_Exercise goal_: Please transcribe exactly, and only, the lines of the data below between the line holding "N(tau)_R = N_R" and the line holding "X(tau) is Fano", inclusive.

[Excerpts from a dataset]
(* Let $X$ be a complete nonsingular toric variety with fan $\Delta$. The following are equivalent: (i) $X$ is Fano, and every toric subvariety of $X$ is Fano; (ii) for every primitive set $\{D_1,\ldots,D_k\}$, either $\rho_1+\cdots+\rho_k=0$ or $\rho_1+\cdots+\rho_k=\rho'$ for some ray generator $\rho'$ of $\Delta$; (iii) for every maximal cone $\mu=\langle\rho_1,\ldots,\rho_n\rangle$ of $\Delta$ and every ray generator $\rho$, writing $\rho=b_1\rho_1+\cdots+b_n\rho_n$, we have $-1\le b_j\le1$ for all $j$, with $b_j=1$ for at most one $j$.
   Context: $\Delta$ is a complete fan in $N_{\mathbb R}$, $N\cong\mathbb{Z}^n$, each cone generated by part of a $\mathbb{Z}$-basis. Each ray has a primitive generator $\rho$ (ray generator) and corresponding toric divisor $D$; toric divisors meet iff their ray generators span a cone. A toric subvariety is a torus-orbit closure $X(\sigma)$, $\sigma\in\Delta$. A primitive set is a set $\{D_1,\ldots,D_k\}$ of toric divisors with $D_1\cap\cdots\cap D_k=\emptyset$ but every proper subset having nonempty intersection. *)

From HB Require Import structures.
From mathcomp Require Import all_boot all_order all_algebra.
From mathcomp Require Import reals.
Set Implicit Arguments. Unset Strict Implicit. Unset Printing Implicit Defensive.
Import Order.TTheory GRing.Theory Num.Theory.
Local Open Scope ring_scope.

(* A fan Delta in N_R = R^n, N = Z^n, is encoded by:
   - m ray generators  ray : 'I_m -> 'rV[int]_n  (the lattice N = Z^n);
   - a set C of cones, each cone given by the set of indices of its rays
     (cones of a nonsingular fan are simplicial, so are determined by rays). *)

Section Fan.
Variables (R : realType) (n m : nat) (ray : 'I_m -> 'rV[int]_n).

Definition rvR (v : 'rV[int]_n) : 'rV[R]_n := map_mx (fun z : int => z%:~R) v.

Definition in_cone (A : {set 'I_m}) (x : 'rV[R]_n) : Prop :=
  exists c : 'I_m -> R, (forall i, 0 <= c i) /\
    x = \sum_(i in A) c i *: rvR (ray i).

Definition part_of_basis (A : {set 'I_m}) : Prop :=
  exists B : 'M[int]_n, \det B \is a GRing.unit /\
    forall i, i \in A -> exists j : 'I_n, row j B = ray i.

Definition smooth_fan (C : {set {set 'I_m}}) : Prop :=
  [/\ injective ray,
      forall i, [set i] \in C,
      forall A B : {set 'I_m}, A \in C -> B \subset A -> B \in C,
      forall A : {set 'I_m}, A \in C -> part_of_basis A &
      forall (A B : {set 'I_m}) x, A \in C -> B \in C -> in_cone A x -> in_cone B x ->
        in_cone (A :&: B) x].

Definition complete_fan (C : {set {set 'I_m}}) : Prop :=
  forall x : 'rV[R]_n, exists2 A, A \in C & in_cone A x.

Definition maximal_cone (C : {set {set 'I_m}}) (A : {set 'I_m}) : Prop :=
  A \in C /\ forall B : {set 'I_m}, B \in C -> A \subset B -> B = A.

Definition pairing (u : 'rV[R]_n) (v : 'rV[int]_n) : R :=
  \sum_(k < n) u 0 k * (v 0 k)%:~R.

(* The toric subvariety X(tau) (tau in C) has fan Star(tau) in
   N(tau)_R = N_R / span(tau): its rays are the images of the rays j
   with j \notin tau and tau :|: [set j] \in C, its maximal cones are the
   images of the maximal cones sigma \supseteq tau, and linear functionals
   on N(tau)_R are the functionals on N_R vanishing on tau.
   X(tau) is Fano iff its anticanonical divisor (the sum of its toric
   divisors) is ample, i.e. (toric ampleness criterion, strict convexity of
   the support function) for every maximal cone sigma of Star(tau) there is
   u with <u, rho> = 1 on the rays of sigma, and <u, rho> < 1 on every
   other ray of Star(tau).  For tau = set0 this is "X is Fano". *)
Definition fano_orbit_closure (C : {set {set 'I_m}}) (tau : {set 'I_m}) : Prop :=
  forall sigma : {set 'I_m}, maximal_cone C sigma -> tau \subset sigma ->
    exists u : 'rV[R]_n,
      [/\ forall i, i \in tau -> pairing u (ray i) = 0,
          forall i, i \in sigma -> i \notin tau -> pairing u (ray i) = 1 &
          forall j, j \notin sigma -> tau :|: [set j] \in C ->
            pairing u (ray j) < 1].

==

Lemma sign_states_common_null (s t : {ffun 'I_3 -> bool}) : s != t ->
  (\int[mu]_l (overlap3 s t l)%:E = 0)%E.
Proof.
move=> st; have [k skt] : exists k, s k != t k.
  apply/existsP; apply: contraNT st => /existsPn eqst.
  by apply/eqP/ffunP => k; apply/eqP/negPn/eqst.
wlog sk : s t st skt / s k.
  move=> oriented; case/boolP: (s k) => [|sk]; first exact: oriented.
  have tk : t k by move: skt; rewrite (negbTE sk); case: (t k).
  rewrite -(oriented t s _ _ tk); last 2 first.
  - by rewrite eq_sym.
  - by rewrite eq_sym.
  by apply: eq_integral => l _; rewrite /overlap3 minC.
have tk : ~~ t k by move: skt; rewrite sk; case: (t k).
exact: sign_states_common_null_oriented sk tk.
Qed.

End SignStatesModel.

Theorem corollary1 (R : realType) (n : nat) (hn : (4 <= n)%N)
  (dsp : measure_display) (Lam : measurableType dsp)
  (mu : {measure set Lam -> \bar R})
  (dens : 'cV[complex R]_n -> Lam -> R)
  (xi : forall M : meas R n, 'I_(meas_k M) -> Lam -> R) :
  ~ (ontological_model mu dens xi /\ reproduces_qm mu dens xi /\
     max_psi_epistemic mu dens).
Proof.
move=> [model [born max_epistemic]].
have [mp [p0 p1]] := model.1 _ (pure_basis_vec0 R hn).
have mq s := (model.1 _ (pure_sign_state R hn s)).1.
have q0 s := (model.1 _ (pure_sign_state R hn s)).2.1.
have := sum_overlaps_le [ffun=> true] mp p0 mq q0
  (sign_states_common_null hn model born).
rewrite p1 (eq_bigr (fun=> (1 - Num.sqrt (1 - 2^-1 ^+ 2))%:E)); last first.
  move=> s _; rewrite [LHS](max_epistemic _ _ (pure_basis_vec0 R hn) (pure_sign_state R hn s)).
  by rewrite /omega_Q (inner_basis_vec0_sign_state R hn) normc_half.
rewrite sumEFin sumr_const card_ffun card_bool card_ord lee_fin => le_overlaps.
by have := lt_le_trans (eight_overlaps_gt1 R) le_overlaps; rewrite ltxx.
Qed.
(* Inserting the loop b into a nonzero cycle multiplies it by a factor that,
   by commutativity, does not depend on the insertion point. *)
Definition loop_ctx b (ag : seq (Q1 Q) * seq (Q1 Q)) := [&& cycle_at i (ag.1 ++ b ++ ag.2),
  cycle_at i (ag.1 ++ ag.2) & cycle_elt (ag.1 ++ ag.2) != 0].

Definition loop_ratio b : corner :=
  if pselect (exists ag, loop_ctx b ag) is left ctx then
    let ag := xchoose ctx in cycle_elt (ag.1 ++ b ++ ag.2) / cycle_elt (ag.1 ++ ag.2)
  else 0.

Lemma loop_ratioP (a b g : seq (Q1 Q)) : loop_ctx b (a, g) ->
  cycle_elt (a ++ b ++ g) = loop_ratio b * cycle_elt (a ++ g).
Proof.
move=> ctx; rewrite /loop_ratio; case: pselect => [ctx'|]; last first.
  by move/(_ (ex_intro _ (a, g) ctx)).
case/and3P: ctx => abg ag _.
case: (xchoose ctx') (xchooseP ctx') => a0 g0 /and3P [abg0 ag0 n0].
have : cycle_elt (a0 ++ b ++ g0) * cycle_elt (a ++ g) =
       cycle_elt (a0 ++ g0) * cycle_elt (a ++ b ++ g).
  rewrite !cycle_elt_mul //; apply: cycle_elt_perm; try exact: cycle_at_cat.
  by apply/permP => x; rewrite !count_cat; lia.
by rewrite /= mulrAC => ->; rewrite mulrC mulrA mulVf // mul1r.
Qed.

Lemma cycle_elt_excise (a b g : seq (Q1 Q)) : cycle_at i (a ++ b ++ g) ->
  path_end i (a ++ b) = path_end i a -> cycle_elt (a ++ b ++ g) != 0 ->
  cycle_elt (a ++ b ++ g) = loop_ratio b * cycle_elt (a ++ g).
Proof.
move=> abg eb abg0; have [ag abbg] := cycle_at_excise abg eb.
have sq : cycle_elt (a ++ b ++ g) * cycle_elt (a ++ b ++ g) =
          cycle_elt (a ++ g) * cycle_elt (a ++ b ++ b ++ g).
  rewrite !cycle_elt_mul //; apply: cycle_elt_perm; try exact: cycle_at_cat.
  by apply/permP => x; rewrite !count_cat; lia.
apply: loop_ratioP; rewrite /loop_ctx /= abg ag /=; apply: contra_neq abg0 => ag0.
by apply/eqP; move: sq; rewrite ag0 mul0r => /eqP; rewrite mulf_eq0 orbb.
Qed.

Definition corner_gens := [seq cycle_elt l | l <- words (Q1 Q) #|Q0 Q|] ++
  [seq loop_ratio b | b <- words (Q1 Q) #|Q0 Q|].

_Response box_:
   N(tau)_R = N_R / span(tau): its rays are the images of the rays j
   with j \notin tau and tau :|: [set j] \in C, its maximal cones are the
   images of the maximal cones sigma \supseteq tau, and linear functionals
   on N(tau)_R are the functionals on N_R vanishing on tau.
   X(tau) is Fano iff its anticanonical divisor (the sum of its toric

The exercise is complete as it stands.